* [TASK DESCRIPTION] Return only the lines running from the top of the entries to the line with "- exists G, b, e, m, f, 0, 0, 0, 0;", inclusive, exactly as written.

* [ENTRIES PROVIDED]
Lemma antisubst_lemma_sub t1 p t2 :
  antisubst_lemma_for t1 -> antisubst_lemma_for t2 -> antisubst_lemma_for (Sub t1 p t2).
Proof.
  intros IHt1 IHt2 G' s b e m f k u H; simpl in H.
  inversion H as [| | | | | | | G1' G2' ? ? ? ? A A2 bt et mt ft ep mp fp bt' et' mt' ft'
    H1 Hp H2 HA2]; subst.
  destruct (IHt1 _ _ _ _ _ _ _ _ H1) as (G1 & D1 & B1 & s1 & b1 & e1 & m1 & f1 &
    b2 & e2 & m2 & f2 & H1' & Hs1 & Hu1 & HB1 & HG1 & -> & -> & -> & ->).
  destruct (ptyp_ceq _ _ _ _ _ _ _ G1 0 Hp) as (A' & Hp' & HA);
    [intros; apply mteq_sym; eapply ceq_csubst_low; eauto |].
  destruct (mtyp_antisubst_of _ IHt2 _ _ _ _ _ _ _ _ H2) as (G2 & D2 & B2 & A2' & b3 & e3 & m3 &
    f3 & b4 & e4 & m4 & f4 & H2' & HA2' & Hu2 & HB2 & HG2 & -> & -> & -> & ->).
  exists (cand (cdrop (psize p) G1) G2), (cand D1 D2), (B1 ++ B2), s1; do 8 eexists.
  split; [econstructor; eauto |].
  - exact (mteq_trans _ _ _ (mteq_sym _ _ HA) (mteq_trans _ _ _ HA2 HA2')).
  - split; [auto |]; split; [eapply mtyp_app; eauto |]; split; [apply mteq_app; auto |].
    split; [eapply csubst_cand; [apply ceq_csubst_cdrop | | apply ceq_refl]; eauto | lia].
Qed.

Lemma typ_antisubst t : antisubst_lemma_for t.
Proof.
  induction t; auto using antisubst_lemma_var, antisubst_lemma_lam, antisubst_lemma_pair,
    antisubst_lemma_app, antisubst_lemma_sub.
Qed.

(* [ltyp L Gi G b e m f]: the explicit substitutions of [L] turn a typing of
   the hole in context [Gi] into a typing of [plug L _] in context [G], adding
   the counters [b e m f]. *)
Inductive ltyp : lctx -> ctx -> ctx -> nat -> nat -> nat -> nat -> Prop :=
| ltyp_hole G : ltyp Hole G G 0 0 0 0
| ltyp_sub L p u Gi G1 D A B b e m f ep mp fp bu eu mu fu :
    ltyp L Gi G1 b e m f -> ptyp G1 0 p A ep mp fp ->
    mtyp D u B bu eu mu fu -> mteq A B ->
    ltyp (LSub L p u) Gi (cand (cdrop (psize p) G1) D)
      (b + bu) (e + eu + ep) (m + mu + mp) (f + fu + fp).

Lemma typ_plug_inv L : forall t G s b e m f, typ G (plug L t) s b e m f ->
  exists Gi b1 e1 m1 f1 b2 e2 m2 f2,
    typ Gi t s b1 e1 m1 f1 /\ ltyp L Gi G b2 e2 m2 f2 /\
    b = b1 + b2 /\ e = e1 + e2 /\ m = m1 + m2 /\ f = f1 + f2.
Proof.
  induction L as [| L IHL p u]; intros t G s b e m f H; simpl in H.
  - exists G, b, e, m, f, 0, 0, 0, 0; repeat split; [auto | constructor | lia ..].
  - inversion H as [| | | | | | | G1 D ? ? ? ? A B bt et mt ft ep mp fp bu eu mu fu H1 Hp Hu HAB];
      subst.
    destruct (IHL _ _ _ _ _ _ _ H1)
      as (Gi & b1 & e1 & m1 & f1 & b2 & e2 & m2 & f2 & Ht & HL & -> & -> & -> & ->).
    exists Gi; do 8 eexists; split; [eauto |]; split; [econstructor; eauto | lia].
Qed.

Lemma typ_plug L t Gi G s b1 e1 m1 f1 b2 e2 m2 f2 :
  typ Gi t s b1 e1 m1 f1 -> ltyp L Gi G b2 e2 m2 f2 ->
  typ G (plug L t) s (b1 + b2) (e1 + e2) (m1 + m2) (f1 + f2).
Proof.
  intros Ht HL; induction HL; simpl.
  - rewrite !Nat.add_0_r; auto.
  - eapply typ_counts; [econstructor; eauto | lia ..].
Qed.

Lemma ceq_cand_cins_low G n D G' D' i :
  ceq (cand G (cins 0 n D)) (cand G' (cins 0 n D')) -> i < n -> mteq (G i) (G' i).
Proof. intros H Hi; specialize (H i); rewrite !cand_cins_0_low in H; auto. Qed.

Lemma ltyp_frame L Gi G b e m f : ltyp L Gi G b e m f ->
  forall Gi' D D', ceq (cand Gi (cins 0 (nbL L) D)) (cand Gi' (cins 0 (nbL L) D')) ->
  exists G', ltyp L Gi' G' b e m f /\ ceq (cand G D) (cand G' D').
Proof.
  induction 1 as [G | L p u Gi G1 Du A B b e m f ep mp fp bu eu mu fu HL IH Hp Hu HAB];
    intros Gi' D D' HGi; simpl in HGi.
  - exists Gi'; split; [apply ltyp_hole |]; rewrite !cins_0_r in HGi; exact HGi.
  - rewrite !cins_0_add in HGi.
    destruct (IH _ _ _ HGi) as (G1' & HL' & HG1).
    destruct (ptyp_ceq _ _ _ _ _ _ _ G1' 0 Hp) as (A' & Hp' & HA);
      [intros; eapply ceq_cand_cins_low; eauto |].
    exists (cand (cdrop (psize p) G1') Du); split.
    + econstructor; eauto; eapply mteq_trans; [apply mteq_sym |]; eauto.
    + apply (ceq_cdrop (psize p)) in HG1; rewrite !cdrop_cand, !cdrop_cins_0 in HG1.
      eapply ceq_trans; [apply ceq_cand_swap_r |].
      eapply ceq_trans; [| apply ceq_cand_swap_r]; apply ceq_cand; [exact HG1 | apply ceq_refl].
Qed.

Lemma typ_plug_lam_shape L p t G s b e m f :
  typ G (plug L (Lam p t)) s b e m f -> s = TM \/ exists A s', s = TArr A s'.
Proof.
  intro H; apply typ_plug_inv in H as (Gi & b1 & e1 & m1 & f1 & b2 & e2 & m2 & f2 & Ht & _).
  inversion Ht; eauto.
Qed.

Lemma typ_plug_pair_shape L t1 t2 G s b e m f :
  typ G (plug L (Pair t1 t2)) s b e m f -> s = TM \/ exists A B, s = TProd A B.
Proof.
  intro H; apply typ_plug_inv in H as (Gi & b1 & e1 & m1 & f1 & b2 & e2 & m2 & f2 & Ht & _).
  inversion Ht; eauto.
Qed.

(** * Subject reduction and expansion *)

Lemma subject_reduction_b L p t u G s b e m f :
  typ G (App (plug L (Lam p t)) u) s b e m f ->
  exists G' b', typ G' (plug L (Sub t p (lift (nbL L) 0 u))) s b' e m f /\
    ceq G G' /\ b = 1 + b'.
Proof.
  intro H.
  inversion H as [| | | G1 D ? ? A B ? bt et mt ft bu eu mu fu H1 Hu HAB | G1 ? ? ? ? ? ? H1 | | |];
    subst.
  - apply typ_plug_inv in H1
      as (Gi & b1 & e1 & m1 & f1 & b2 & e2 & m2 & f2 & Hl & HL & -> & -> & -> & ->).
    inversion Hl as [| G0 ? ? ? ? ? ? ? ? ep mp fp Ht Hp | | | | | |]; subst.
    pose proof (ty_match _ _ _ _ _ _ _ _ _ _ _ _ _ _ _ _ _ _ _ Ht Hp
      (mtyp_lift _ _ _ _ _ _ _ 0 (nbL L) Hu) HAB) as Hm.
    destruct (ltyp_frame _ _ _ _ _ _ _ HL (cand (cdrop (psize p) G0) (cins 0 (nbL L) D)) D cempty)
      as (G' & HL' & HG); [rewrite cins_cempty, cand_cempty_r; apply ceq_refl |].
    rewrite cand_cempty_r in HG.
    exists G'; eexists; split; [eapply typ_counts; [eapply typ_plug; eauto | reflexivity | lia ..] |].
    split; [exact HG | lia].
  - apply typ_plug_lam_shape in H1 as [? | (? & ? & ?)]; discriminate.
Qed.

* [TASK OUTPUT]
Lemma antisubst_lemma_sub t1 p t2 :
  antisubst_lemma_for t1 -> antisubst_lemma_for t2 -> antisubst_lemma_for (Sub t1 p t2).
Proof.
  intros IHt1 IHt2 G' s b e m f k u H; simpl in H.
  inversion H as [| | | | | | | G1' G2' ? ? ? ? A A2 bt et mt ft ep mp fp bt' et' mt' ft'
    H1 Hp H2 HA2]; subst.
  destruct (IHt1 _ _ _ _ _ _ _ _ H1) as (G1 & D1 & B1 & s1 & b1 & e1 & m1 & f1 &
    b2 & e2 & m2 & f2 & H1' & Hs1 & Hu1 & HB1 & HG1 & -> & -> & -> & ->).
  destruct (ptyp_ceq _ _ _ _ _ _ _ G1 0 Hp) as (A' & Hp' & HA);
    [intros; apply mteq_sym; eapply ceq_csubst_low; eauto |].
  destruct (mtyp_antisubst_of _ IHt2 _ _ _ _ _ _ _ _ H2) as (G2 & D2 & B2 & A2' & b3 & e3 & m3 &
    f3 & b4 & e4 & m4 & f4 & H2' & HA2' & Hu2 & HB2 & HG2 & -> & -> & -> & ->).
  exists (cand (cdrop (psize p) G1) G2), (cand D1 D2), (B1 ++ B2), s1; do 8 eexists.
  split; [econstructor; eauto |].
  - exact (mteq_trans _ _ _ (mteq_sym _ _ HA) (mteq_trans _ _ _ HA2 HA2')).
  - split; [auto |]; split; [eapply mtyp_app; eauto |]; split; [apply mteq_app; auto |].
    split; [eapply csubst_cand; [apply ceq_csubst_cdrop | | apply ceq_refl]; eauto | lia].
Qed.

Lemma typ_antisubst t : antisubst_lemma_for t.
Proof.
  induction t; auto using antisubst_lemma_var, antisubst_lemma_lam, antisubst_lemma_pair,
    antisubst_lemma_app, antisubst_lemma_sub.
Qed.

(* [ltyp L Gi G b e m f]: the explicit substitutions of [L] turn a typing of
   the hole in context [Gi] into a typing of [plug L _] in context [G], adding
   the counters [b e m f]. *)
Inductive ltyp : lctx -> ctx -> ctx -> nat -> nat -> nat -> nat -> Prop :=
| ltyp_hole G : ltyp Hole G G 0 0 0 0
| ltyp_sub L p u Gi G1 D A B b e m f ep mp fp bu eu mu fu :
    ltyp L Gi G1 b e m f -> ptyp G1 0 p A ep mp fp ->
    mtyp D u B bu eu mu fu -> mteq A B ->
    ltyp (LSub L p u) Gi (cand (cdrop (psize p) G1) D)
      (b + bu) (e + eu + ep) (m + mu + mp) (f + fu + fp).

Lemma typ_plug_inv L : forall t G s b e m f, typ G (plug L t) s b e m f ->
  exists Gi b1 e1 m1 f1 b2 e2 m2 f2,
    typ Gi t s b1 e1 m1 f1 /\ ltyp L Gi G b2 e2 m2 f2 /\
    b = b1 + b2 /\ e = e1 + e2 /\ m = m1 + m2 /\ f = f1 + f2.
Proof.
  induction L as [| L IHL p u]; intros t G s b e m f H; simpl in H.
  - exists G, b, e, m, f, 0, 0, 0, 0; repeat split; [auto | constructor | lia ..].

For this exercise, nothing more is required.